In the listing below, the line containing "forall b, mu (sb_op P" marks the end; copy exactly every line from the first through that one.

Material for this task:
★ ★ ★ ★ ★ ★ ★

Lemma skb_product_factors_mul (U V P : SkewBrace FL) (p1 : SKBHom P U) (p2 : SKBHom P V) :
  IsProductDiag (C := SKBCat FL) p1 p2 ->
  forall W (x y : Hom W P),
  `p2 <o x = cst W (sb_unit V) -> `p1 <o y = cst W (sb_unit U) ->
  forall b, mu (sb_op P b) x y = mu (sb_op P true) x y /\
            mu (sb_op P b) y x = mu (sb_op P true) x y.
Proof.
move=> HP W x y p2x p1y b.
have Psq := product_pullback_terminal (C := SKBCat FL) (bang_hom U) (bang_hom V) (@trivial_brace_hom_eq) HP.
have elem_eq := pullback_jointly_monic (skb_pullback_forget Psq).
split; apply: elem_eq; rewrite !skb_homM ?p2x ?p1y.
- by rewrite (imulg1 (sb_grp _ b)) (imulg1 (sb_grp _ true)).
- by rewrite (imul1g (sb_grp _ b)) (imul1g (sb_grp _ true)).
- by rewrite (imul1g (sb_grp _ b)) (imulg1 (sb_grp _ true)).
- by rewrite (imulg1 (sb_grp _ b)) (imul1g (sb_grp _ true)).
Qed.

Lemma cooperate_mul (Z X IR IS : SkewBrace FL) (iR : SKBHom IR X) (iS : SKBHom IS X) :
  IsZeroObj (C := SKBCat FL) Z -> Cooperate (C := SKBCat FL) Z iR iS ->
  forall W (i : Hom W IR) (j : Hom W IS) b,
  mu (sb_op X b) (`iR <o i) (`iS <o j) = mu (sb_op X true) (`iR <o i) (`iS <o j) /\
  mu (sb_op X b) (`iS <o j) (`iR <o i) = mu (sb_op X true) (`iR <o i) (`iS <o j).
Proof.
move=> HZ [P [p1 [p2 [HP [phi [phi_l phi_k]]]]]] W i j b.
have [[zR _] [Rz _]] := HZ IR.
have [[zS _] [Sz _]] := HZ IS.
have [l [[l1 l2] _]] := HP _ (SKB_idm IR) (SKB_comp zS Rz).
have [k [[k1 k2] _]] := HP _ (SKB_comp zR Sz) (SKB_idm IS).
have l2_zero : IsZeroMor (C := SKBCat FL) Z (SKB_comp p2 l) by exists Rz, zS.
have k1_zero : IsZeroMor (C := SKBCat FL) Z (SKB_comp p1 k) by exists Sz, zR.
have phil : `phi <o `l = `iR := sval_eq (phi_l l l1 l2_zero).
have phik : `phi <o `k = `iS := sval_eq (phi_k k k1_zero k2).
have p2li : `p2 <o (`l <o i) = cst W (sb_unit IS).
  by rewrite comp_assoc; exact: (zero_mor_elem HZ l2_zero).
have p1kj : `p1 <o (`k <o j) = cst W (sb_unit IR).
  by rewrite comp_assoc; exact: (zero_mor_elem HZ k1_zero).
have [lk kl] := skb_product_factors_mul HP p2li p1kj b.
by rewrite -phil -phik -!comp_assoc -!skb_homM lk kl.
Qed.

Definition in_normalization (X R : SkewBrace FL) (d0 d1 : SKBHom R X) W (u : Hom W X) :=
  exists t : Hom W R, `d0 <o t = cst W (sb_unit X) /\ `d1 <o t = u.

Lemma normalization_lift (Z X R IR : SkewBrace FL) (d0 d1 : SKBHom R X)
    (zX : SKBHom Z X) (x : SKBHom IR R) (z : SKBHom IR Z) :
  IsPullbackSq (C := SKBCat FL) d0 zX x z ->
  forall W (u : Hom W X), in_normalization d0 d1 u ->
  exists i : Hom W IR, `d1 <o (`x <o i) = u.
Proof.
move=> /skb_pullback_forget [_ univ] W u [t [t0 t1]].
have e : `d0 <o t = `zX <o cst W (sb_unit Z) by rewrite t0 skb_hom1.
have [i [[xi _] _]] := univ W t _ e.
by exists i; rewrite xi.
Qed.

Section Normalization.
Variables (X R : SkewBrace FL) (d0 d1 : SKBHom R X).
Hypothesis eqR : IsEquivRel (C := SKBCat FL) d0 d1.

Lemma equiv_refl_sym :
  exists (r : SKBHom X R) (s : SKBHom R R),
  [/\ forall W (x : Hom W X), `d0 <o (`r <o x) = x,
      forall W (x : Hom W X), `d1 <o (`r <o x) = x,
      forall W (z : Hom W R), `d0 <o (`s <o z) = `d1 <o z &
      forall W (z : Hom W R), `d1 <o (`s <o z) = `d0 <o z].
Proof.
case: eqR => _ [[r [r0 r1]] [[s [s0 s1]] _]].
have r0' : `d0 <o `r = idm (X : E) := sval_eq r0.
have r1' : `d1 <o `r = idm (X : E) := sval_eq r1.
exists r, s; split.
- by move=> W x; rewrite comp_assoc r0' comp_idl.
- by move=> W x; rewrite comp_assoc r1' comp_idl.
- by move=> W z; rewrite comp_assoc (sval_eq s0 : `d0 <o `s = `d1).
- by move=> W z; rewrite comp_assoc (sval_eq s1 : `d1 <o `s = `d0).
Qed.

Lemma normalization_ldiv b W (t : Hom W R) :
  in_normalization d0 d1 (mu (sb_op X b) (sb_inv X b <o (`d0 <o t)) (`d1 <o t)).
Proof.
have [r [_ [r0 r1 _ _]]] := equiv_refl_sym.
exists (mu (sb_op R b) (sb_inv R b <o (`r <o (`d0 <o t))) t).
by rewrite !skb_homM !skb_homV r0 r1 (imulVg (sb_grp X b)).
Qed.

Lemma normalization_div b W (t : Hom W R) :
  in_normalization d0 d1 (mu (sb_op X b) (`d0 <o t) (sb_inv X b <o (`d1 <o t))).
Proof.
have [r [s [r0 r1 s0 s1]]] := equiv_refl_sym.
exists (`s <o mu (sb_op R b) t (sb_inv R b <o (`r <o (`d1 <o t)))).
by rewrite s0 s1 !skb_homM !skb_homV r0 r1 (imulgV (sb_grp X b)).
Qed.

End Normalization.

Section SmithOperator.
Variables (X R S : SkewBrace FL) (d0R d1R : SKBHom R X) (d0S d1S : SKBHom S X).
Hypotheses (eqR : IsEquivRel (C := SKBCat FL) d0R d1R)
           (eqS : IsEquivRel (C := SKBCat FL) d0S d1S).
Hypothesis normalizations_mul : forall W (u v : Hom W X),
  in_normalization d0R d1R u -> in_normalization d0S d1S v ->
  forall b, mu (sb_op X b) u v = mu (sb_op X true) u v /\
            mu (sb_op X b) v u = mu (sb_op X true) u v.
Lemma pcm_le_mul a b c e : pcm_le a b -> pcm_le c e -> pcm_le (pcm_mul a c) (pcm_mul b e).
Proof.
  intros Hab Hce. apply (pcm_trans M _ (pcm_mul b c)); [now apply pcm_mono |].
  rewrite (pcm_mulC M b c), (pcm_mulC M b e). now apply pcm_mono.
Qed.

Lemma pcm_mulACA a b c e :
  pcm_mul (pcm_mul a b) (pcm_mul c e) = pcm_mul (pcm_mul a c) (pcm_mul b e).
Proof.
  rewrite <- (pcm_mulA M a b), (pcm_mulA M b c e), (pcm_mulC M b c).
  rewrite <- (pcm_mulA M c b e), (pcm_mulA M a c). reflexivity.
Qed.

Lemma pcm_powD a i j : pcm_pow a (i + j) = pcm_mul (pcm_pow a i) (pcm_pow a j).
Proof.
  induction i as [| i IH]; simpl; [now rewrite pcm_mul1 |].
  rewrite IH. apply pcm_mulA.
Qed.

Lemma pcm_powMl a b n : pcm_pow (pcm_mul a b) n = pcm_mul (pcm_pow a n) (pcm_pow b n).
Proof.
  induction n as [| n IH]; simpl; [now rewrite pcm_mul1 |].
  rewrite IH. apply pcm_mulACA.
Qed.

Lemma pcm_powM a t n : pcm_pow a (t * n) = pcm_pow (pcm_pow a n) t.
Proof.
  induction t as [| t IH]; simpl; [reflexivity |]. now rewrite pcm_powD, IH.
Qed.

Lemma pcm_le_pow a b n : pcm_le a b -> pcm_le (pcm_pow a n) (pcm_pow b n).
Proof.
  intros Hab. induction n as [| n IH]; simpl; [apply pcm_refl | now apply pcm_le_mul].
Qed.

★ ★ ★ ★ ★ ★ ★

Exercise result:
Lemma skb_product_factors_mul (U V P : SkewBrace FL) (p1 : SKBHom P U) (p2 : SKBHom P V) :
  IsProductDiag (C := SKBCat FL) p1 p2 ->
  forall W (x y : Hom W P),
  `p2 <o x = cst W (sb_unit V) -> `p1 <o y = cst W (sb_unit U) ->
  forall b, mu (sb_op P b) x y = mu (sb_op P true) x y /\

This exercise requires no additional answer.